=== PROBLEM TO SOLVE ===
Reproduce the listing that follows, line for line.

=== DATA SECTION ===
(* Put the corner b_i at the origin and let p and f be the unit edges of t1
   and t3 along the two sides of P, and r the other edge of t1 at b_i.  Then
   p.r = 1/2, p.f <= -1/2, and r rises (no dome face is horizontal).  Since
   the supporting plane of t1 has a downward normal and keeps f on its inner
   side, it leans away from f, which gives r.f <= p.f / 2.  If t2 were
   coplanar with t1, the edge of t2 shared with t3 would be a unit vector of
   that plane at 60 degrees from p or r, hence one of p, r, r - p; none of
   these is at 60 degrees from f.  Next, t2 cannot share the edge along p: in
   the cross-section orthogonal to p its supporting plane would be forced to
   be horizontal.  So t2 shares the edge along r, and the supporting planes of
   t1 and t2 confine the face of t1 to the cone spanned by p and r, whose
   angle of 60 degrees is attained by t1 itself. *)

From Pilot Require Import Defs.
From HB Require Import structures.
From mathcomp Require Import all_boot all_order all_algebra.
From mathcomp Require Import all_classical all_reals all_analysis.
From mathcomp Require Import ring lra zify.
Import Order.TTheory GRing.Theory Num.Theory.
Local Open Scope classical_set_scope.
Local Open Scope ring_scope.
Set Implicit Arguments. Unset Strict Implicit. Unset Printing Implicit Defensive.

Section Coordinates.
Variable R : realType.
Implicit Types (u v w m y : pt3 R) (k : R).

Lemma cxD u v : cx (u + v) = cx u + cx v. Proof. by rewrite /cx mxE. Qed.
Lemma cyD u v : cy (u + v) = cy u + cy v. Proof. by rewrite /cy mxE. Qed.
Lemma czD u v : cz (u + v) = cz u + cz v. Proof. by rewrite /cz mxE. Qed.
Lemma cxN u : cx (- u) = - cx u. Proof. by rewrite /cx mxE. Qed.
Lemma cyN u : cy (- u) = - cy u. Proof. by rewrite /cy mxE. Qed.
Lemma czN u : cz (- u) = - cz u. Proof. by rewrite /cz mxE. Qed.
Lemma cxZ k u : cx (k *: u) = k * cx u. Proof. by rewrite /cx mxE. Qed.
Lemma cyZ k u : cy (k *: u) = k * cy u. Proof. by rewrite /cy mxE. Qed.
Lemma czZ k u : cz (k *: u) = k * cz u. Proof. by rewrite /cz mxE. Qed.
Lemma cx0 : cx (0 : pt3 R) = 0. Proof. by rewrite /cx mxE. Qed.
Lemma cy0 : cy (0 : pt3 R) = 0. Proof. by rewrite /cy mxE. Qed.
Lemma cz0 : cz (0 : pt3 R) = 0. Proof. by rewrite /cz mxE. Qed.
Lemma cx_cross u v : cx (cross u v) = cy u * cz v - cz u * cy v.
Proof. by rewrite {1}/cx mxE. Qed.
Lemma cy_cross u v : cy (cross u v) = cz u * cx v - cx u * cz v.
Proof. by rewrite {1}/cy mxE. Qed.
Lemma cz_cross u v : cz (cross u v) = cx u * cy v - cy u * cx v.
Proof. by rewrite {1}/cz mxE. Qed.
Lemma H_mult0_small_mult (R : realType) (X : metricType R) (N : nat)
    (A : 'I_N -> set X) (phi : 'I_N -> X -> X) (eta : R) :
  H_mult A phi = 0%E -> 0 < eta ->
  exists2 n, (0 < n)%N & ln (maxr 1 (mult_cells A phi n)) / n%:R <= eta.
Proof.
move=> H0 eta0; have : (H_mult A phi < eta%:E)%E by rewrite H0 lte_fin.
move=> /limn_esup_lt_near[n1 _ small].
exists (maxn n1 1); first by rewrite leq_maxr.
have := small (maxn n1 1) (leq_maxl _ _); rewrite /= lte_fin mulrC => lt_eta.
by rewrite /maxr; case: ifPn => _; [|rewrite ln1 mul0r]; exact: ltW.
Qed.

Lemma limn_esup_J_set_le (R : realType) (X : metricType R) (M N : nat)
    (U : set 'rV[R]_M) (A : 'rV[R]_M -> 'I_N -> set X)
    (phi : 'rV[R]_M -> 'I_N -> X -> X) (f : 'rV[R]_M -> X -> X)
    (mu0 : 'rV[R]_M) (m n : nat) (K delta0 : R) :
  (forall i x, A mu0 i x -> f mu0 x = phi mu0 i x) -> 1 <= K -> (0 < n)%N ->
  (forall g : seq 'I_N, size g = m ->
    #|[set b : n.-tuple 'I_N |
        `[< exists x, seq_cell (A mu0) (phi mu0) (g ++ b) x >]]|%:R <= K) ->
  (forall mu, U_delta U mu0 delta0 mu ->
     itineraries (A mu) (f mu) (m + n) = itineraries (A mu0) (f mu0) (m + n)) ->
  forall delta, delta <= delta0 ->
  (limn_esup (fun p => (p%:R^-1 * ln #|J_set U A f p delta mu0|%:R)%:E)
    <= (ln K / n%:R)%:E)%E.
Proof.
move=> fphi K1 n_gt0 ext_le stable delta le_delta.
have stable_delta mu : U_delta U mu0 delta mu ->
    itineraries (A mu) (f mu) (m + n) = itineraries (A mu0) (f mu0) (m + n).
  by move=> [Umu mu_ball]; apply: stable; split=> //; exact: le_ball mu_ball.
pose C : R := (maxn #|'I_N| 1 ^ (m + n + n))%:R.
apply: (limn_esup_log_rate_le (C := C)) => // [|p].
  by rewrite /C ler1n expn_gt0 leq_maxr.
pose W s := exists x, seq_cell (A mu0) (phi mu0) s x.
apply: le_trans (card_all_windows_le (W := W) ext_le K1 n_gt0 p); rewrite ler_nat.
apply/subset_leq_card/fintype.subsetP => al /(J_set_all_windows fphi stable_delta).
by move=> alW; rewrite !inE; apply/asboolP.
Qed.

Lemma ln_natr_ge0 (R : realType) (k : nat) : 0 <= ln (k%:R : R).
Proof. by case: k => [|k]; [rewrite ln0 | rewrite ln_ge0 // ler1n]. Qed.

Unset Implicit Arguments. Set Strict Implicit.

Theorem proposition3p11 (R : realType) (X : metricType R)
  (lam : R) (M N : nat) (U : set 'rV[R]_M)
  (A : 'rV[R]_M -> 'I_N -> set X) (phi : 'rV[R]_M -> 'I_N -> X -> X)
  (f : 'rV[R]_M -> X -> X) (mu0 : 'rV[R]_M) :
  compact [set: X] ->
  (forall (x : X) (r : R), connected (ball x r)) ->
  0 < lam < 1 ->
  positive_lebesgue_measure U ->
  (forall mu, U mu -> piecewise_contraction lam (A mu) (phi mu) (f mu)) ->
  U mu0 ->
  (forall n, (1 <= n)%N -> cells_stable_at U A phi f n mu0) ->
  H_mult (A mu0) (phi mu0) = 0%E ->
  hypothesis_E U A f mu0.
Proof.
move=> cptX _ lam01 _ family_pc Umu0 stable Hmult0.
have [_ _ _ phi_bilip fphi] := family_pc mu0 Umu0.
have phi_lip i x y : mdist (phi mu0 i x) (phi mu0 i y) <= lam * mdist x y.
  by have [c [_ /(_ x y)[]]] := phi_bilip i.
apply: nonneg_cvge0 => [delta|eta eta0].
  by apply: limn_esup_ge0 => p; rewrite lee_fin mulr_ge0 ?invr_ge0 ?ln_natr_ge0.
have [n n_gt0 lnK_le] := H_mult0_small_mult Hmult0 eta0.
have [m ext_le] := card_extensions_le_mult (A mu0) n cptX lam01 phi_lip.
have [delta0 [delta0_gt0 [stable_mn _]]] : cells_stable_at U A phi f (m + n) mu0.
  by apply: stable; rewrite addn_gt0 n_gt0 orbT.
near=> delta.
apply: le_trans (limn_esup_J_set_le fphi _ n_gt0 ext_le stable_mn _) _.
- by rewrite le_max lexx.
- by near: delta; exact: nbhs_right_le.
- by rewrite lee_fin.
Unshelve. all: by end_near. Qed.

=== RESULT BELOW ===
(* Put the corner b_i at the origin and let p and f be the unit edges of t1
   and t3 along the two sides of P, and r the other edge of t1 at b_i.  Then
   p.r = 1/2, p.f <= -1/2, and r rises (no dome face is horizontal).  Since
   the supporting plane of t1 has a downward normal and keeps f on its inner
   side, it leans away from f, which gives r.f <= p.f / 2.  If t2 were
   coplanar with t1, the edge of t2 shared with t3 would be a unit vector of
   that plane at 60 degrees from p or r, hence one of p, r, r - p; none of
   these is at 60 degrees from f.  Next, t2 cannot share the edge along p: in
   the cross-section orthogonal to p its supporting plane would be forced to
   be horizontal.  So t2 shares the edge along r, and the supporting planes of
   t1 and t2 confine the face of t1 to the cone spanned by p and r, whose
   angle of 60 degrees is attained by t1 itself. *)

From Pilot Require Import Defs.
From HB Require Import structures.
From mathcomp Require Import all_boot all_order all_algebra.
From mathcomp Require Import all_classical all_reals all_analysis.
From mathcomp Require Import ring lra zify.
Import Order.TTheory GRing.Theory Num.Theory.
Local Open Scope classical_set_scope.
Local Open Scope ring_scope.
Set Implicit Arguments. Unset Strict Implicit. Unset Printing Implicit Defensive.

Section Coordinates.
Variable R : realType.
Implicit Types (u v w m y : pt3 R) (k : R).

Lemma cxD u v : cx (u + v) = cx u + cx v. Proof. by rewrite /cx mxE. Qed.
Lemma cyD u v : cy (u + v) = cy u + cy v. Proof. by rewrite /cy mxE. Qed.
Lemma czD u v : cz (u + v) = cz u + cz v. Proof. by rewrite /cz mxE. Qed.
Lemma cxN u : cx (- u) = - cx u. Proof. by rewrite /cx mxE. Qed.
Lemma cyN u : cy (- u) = - cy u. Proof. by rewrite /cy mxE. Qed.
Lemma czN u : cz (- u) = - cz u. Proof. by rewrite /cz mxE. Qed.
Lemma cxZ k u : cx (k *: u) = k * cx u. Proof. by rewrite /cx mxE. Qed.
Lemma cyZ k u : cy (k *: u) = k * cy u. Proof. by rewrite /cy mxE. Qed.
Lemma czZ k u : cz (k *: u) = k * cz u. Proof. by rewrite /cz mxE. Qed.
Lemma cx0 : cx (0 : pt3 R) = 0. Proof. by rewrite /cx mxE. Qed.
Lemma cy0 : cy (0 : pt3 R) = 0. Proof. by rewrite /cy mxE. Qed.
Lemma cz0 : cz (0 : pt3 R) = 0. Proof. by rewrite /cz mxE. Qed.
Lemma cx_cross u v : cx (cross u v) = cy u * cz v - cz u * cy v.
Proof. by rewrite {1}/cx mxE. Qed.
Lemma cy_cross u v : cy (cross u v) = cz u * cx v - cx u * cz v.
Proof. by rewrite {1}/cy mxE. Qed.
Lemma cz_cross u v : cz (cross u v) = cx u * cy v - cy u * cx v.
Proof. by rewrite {1}/cz mxE. Qed.
Lemma H_mult0_small_mult (R : realType) (X : metricType R) (N : nat)
    (A : 'I_N -> set X) (phi : 'I_N -> X -> X) (eta : R) :
  H_mult A phi = 0%E -> 0 < eta ->
  exists2 n, (0 < n)%N & ln (maxr 1 (mult_cells A phi n)) / n%:R <= eta.
Proof.
move=> H0 eta0; have : (H_mult A phi < eta%:E)%E by rewrite H0 lte_fin.
move=> /limn_esup_lt_near[n1 _ small].
exists (maxn n1 1); first by rewrite leq_maxr.
have := small (maxn n1 1) (leq_maxl _ _); rewrite /= lte_fin mulrC => lt_eta.
by rewrite /maxr; case: ifPn => _; [|rewrite ln1 mul0r]; exact: ltW.
Qed.

Lemma limn_esup_J_set_le (R : realType) (X : metricType R) (M N : nat)
    (U : set 'rV[R]_M) (A : 'rV[R]_M -> 'I_N -> set X)
    (phi : 'rV[R]_M -> 'I_N -> X -> X) (f : 'rV[R]_M -> X -> X)
    (mu0 : 'rV[R]_M) (m n : nat) (K delta0 : R) :
  (forall i x, A mu0 i x -> f mu0 x = phi mu0 i x) -> 1 <= K -> (0 < n)%N ->
  (forall g : seq 'I_N, size g = m ->
    #|[set b : n.-tuple 'I_N |
        `[< exists x, seq_cell (A mu0) (phi mu0) (g ++ b) x >]]|%:R <= K) ->
  (forall mu, U_delta U mu0 delta0 mu ->
     itineraries (A mu) (f mu) (m + n) = itineraries (A mu0) (f mu0) (m + n)) ->
  forall delta, delta <= delta0 ->
  (limn_esup (fun p => (p%:R^-1 * ln #|J_set U A f p delta mu0|%:R)%:E)
    <= (ln K / n%:R)%:E)%E.
Proof.
move=> fphi K1 n_gt0 ext_le stable delta le_delta.
have stable_delta mu : U_delta U mu0 delta mu ->
    itineraries (A mu) (f mu) (m + n) = itineraries (A mu0) (f mu0) (m + n).
  by move=> [Umu mu_ball]; apply: stable; split=> //; exact: le_ball mu_ball.
pose C : R := (maxn #|'I_N| 1 ^ (m + n + n))%:R.
apply: (limn_esup_log_rate_le (C := C)) => // [|p].
  by rewrite /C ler1n expn_gt0 leq_maxr.
pose W s := exists x, seq_cell (A mu0) (phi mu0) s x.
apply: le_trans (card_all_windows_le (W := W) ext_le K1 n_gt0 p); rewrite ler_nat.
apply/subset_leq_card/fintype.subsetP => al /(J_set_all_windows fphi stable_delta).
by move=> alW; rewrite !inE; apply/asboolP.
Qed.

Lemma ln_natr_ge0 (R : realType) (k : nat) : 0 <= ln (k%:R : R).
Proof. by case: k => [|k]; [rewrite ln0 | rewrite ln_ge0 // ler1n]. Qed.

Unset Implicit Arguments. Set Strict Implicit.

Theorem proposition3p11 (R : realType) (X : metricType R)
  (lam : R) (M N : nat) (U : set 'rV[R]_M)
  (A : 'rV[R]_M -> 'I_N -> set X) (phi : 'rV[R]_M -> 'I_N -> X -> X)
  (f : 'rV[R]_M -> X -> X) (mu0 : 'rV[R]_M) :
  compact [set: X] ->
  (forall (x : X) (r : R), connected (ball x r)) ->
  0 < lam < 1 ->
  positive_lebesgue_measure U ->
  (forall mu, U mu -> piecewise_contraction lam (A mu) (phi mu) (f mu)) ->
  U mu0 ->
  (forall n, (1 <= n)%N -> cells_stable_at U A phi f n mu0) ->
  H_mult (A mu0) (phi mu0) = 0%E ->
  hypothesis_E U A f mu0.
Proof.
move=> cptX _ lam01 _ family_pc Umu0 stable Hmult0.
have [_ _ _ phi_bilip fphi] := family_pc mu0 Umu0.
have phi_lip i x y : mdist (phi mu0 i x) (phi mu0 i y) <= lam * mdist x y.
  by have [c [_ /(_ x y)[]]] := phi_bilip i.
apply: nonneg_cvge0 => [delta|eta eta0].
  by apply: limn_esup_ge0 => p; rewrite lee_fin mulr_ge0 ?invr_ge0 ?ln_natr_ge0.
have [n n_gt0 lnK_le] := H_mult0_small_mult Hmult0 eta0.
have [m ext_le] := card_extensions_le_mult (A mu0) n cptX lam01 phi_lip.
have [delta0 [delta0_gt0 [stable_mn _]]] : cells_stable_at U A phi f (m + n) mu0.
  by apply: stable; rewrite addn_gt0 n_gt0 orbT.
near=> delta.
apply: le_trans (limn_esup_J_set_le fphi _ n_gt0 ext_le stable_mn _) _.
- by rewrite le_max lexx.
- by near: delta; exact: nbhs_right_le.
- by rewrite lee_fin.
Unshelve. all: by end_near. Qed.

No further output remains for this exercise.